··· Material shown ···

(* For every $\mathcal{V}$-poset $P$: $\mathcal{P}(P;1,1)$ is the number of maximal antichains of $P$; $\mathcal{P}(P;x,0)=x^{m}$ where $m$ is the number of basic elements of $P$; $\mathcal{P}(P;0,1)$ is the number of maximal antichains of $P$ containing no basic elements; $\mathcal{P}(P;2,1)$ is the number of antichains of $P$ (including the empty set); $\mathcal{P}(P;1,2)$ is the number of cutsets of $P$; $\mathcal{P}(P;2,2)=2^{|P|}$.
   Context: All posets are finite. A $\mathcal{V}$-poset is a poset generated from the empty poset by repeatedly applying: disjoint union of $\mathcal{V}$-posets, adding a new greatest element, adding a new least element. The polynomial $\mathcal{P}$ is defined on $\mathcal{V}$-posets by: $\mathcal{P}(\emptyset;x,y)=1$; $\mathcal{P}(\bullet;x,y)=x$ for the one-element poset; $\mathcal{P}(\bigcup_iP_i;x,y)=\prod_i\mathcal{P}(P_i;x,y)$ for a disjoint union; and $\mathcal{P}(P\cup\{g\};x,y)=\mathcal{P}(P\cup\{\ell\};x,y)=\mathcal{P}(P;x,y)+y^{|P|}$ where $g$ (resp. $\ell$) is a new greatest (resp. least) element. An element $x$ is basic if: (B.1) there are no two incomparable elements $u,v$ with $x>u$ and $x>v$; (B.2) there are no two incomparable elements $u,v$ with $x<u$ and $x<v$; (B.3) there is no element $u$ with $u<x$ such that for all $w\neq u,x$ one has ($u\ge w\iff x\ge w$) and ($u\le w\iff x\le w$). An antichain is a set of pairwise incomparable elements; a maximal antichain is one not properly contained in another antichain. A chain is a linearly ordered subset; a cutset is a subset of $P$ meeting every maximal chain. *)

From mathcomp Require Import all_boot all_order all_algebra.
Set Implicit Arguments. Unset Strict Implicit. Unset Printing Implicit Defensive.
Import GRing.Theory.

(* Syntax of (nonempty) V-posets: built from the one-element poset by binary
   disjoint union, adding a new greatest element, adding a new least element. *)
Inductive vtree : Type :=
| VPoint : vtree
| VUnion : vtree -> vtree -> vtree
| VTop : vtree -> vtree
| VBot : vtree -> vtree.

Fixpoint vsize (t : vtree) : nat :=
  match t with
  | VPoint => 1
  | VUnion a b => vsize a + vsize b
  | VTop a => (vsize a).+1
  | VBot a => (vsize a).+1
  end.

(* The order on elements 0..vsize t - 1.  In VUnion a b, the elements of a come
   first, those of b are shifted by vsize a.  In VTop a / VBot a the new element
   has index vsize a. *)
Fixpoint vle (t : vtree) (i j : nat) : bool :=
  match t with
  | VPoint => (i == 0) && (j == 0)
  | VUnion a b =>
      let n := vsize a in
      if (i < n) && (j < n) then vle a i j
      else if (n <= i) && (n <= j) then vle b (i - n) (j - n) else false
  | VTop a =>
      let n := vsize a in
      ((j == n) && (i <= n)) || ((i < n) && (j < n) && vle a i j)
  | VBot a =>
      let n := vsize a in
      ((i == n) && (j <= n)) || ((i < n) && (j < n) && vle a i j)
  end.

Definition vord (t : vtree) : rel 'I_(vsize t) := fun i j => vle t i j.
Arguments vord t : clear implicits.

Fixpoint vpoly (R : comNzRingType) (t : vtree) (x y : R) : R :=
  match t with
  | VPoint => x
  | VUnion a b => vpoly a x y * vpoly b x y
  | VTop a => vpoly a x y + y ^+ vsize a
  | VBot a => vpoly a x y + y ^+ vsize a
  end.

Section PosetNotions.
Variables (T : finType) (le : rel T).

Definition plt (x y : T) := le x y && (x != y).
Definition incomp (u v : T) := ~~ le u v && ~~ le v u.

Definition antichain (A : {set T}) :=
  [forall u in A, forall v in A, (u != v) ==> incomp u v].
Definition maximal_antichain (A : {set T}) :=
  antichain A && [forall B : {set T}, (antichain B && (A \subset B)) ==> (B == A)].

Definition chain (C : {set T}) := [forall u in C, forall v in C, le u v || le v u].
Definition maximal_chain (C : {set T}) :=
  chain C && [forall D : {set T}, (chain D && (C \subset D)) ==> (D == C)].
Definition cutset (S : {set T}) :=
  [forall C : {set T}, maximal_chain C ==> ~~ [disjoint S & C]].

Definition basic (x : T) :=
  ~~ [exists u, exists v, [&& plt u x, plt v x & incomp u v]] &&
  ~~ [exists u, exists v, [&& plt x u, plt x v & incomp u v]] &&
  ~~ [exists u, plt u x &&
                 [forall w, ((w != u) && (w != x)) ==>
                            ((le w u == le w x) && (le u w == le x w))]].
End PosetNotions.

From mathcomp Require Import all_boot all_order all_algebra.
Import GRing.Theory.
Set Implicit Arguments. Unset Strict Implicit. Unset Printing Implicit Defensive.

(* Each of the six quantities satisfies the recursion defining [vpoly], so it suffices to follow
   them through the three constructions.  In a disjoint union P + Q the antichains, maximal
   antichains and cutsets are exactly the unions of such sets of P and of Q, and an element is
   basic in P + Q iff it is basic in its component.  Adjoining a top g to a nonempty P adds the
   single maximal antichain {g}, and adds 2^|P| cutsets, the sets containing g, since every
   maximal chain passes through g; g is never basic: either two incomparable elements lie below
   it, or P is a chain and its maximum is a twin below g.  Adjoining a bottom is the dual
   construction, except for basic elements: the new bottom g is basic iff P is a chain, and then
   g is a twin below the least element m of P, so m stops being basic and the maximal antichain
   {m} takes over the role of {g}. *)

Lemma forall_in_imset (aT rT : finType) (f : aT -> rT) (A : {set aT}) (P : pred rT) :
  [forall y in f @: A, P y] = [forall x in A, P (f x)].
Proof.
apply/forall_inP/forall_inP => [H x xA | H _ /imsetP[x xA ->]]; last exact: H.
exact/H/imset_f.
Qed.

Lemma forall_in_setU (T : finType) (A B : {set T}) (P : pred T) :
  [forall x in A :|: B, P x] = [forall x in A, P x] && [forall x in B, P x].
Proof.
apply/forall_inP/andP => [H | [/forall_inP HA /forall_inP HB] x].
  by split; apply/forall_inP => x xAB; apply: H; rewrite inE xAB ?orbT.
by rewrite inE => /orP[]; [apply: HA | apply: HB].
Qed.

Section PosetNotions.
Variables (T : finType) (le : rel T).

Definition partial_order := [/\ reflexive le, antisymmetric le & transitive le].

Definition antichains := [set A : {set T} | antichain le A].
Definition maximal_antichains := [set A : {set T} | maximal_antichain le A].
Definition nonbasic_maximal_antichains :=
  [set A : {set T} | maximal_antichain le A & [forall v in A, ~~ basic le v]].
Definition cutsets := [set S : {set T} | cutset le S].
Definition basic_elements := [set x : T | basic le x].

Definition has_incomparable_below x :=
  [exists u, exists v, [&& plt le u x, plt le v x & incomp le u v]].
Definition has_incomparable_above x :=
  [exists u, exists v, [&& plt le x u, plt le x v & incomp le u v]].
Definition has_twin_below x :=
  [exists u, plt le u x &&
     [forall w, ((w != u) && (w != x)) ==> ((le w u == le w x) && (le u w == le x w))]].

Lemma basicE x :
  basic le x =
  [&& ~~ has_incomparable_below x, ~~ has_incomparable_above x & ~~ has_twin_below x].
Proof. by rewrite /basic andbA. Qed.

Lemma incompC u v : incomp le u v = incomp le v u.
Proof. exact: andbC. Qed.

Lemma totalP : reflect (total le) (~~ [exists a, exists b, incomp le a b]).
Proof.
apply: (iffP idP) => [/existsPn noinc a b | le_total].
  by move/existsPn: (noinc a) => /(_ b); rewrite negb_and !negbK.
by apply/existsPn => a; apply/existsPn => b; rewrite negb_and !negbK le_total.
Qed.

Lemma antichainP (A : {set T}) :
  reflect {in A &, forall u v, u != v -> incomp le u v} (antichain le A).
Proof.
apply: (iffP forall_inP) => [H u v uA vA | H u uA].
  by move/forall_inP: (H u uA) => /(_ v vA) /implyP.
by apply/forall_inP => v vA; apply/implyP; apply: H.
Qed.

···

#### Aim of the task:
Only lines with the word "implyP" go in the answer. Take them all from the entries above.

#### Expected output:
  by move/forall_inP: (H u uA) => /(_ v vA) /implyP.
by apply/forall_inP => v vA; apply/implyP; apply: H.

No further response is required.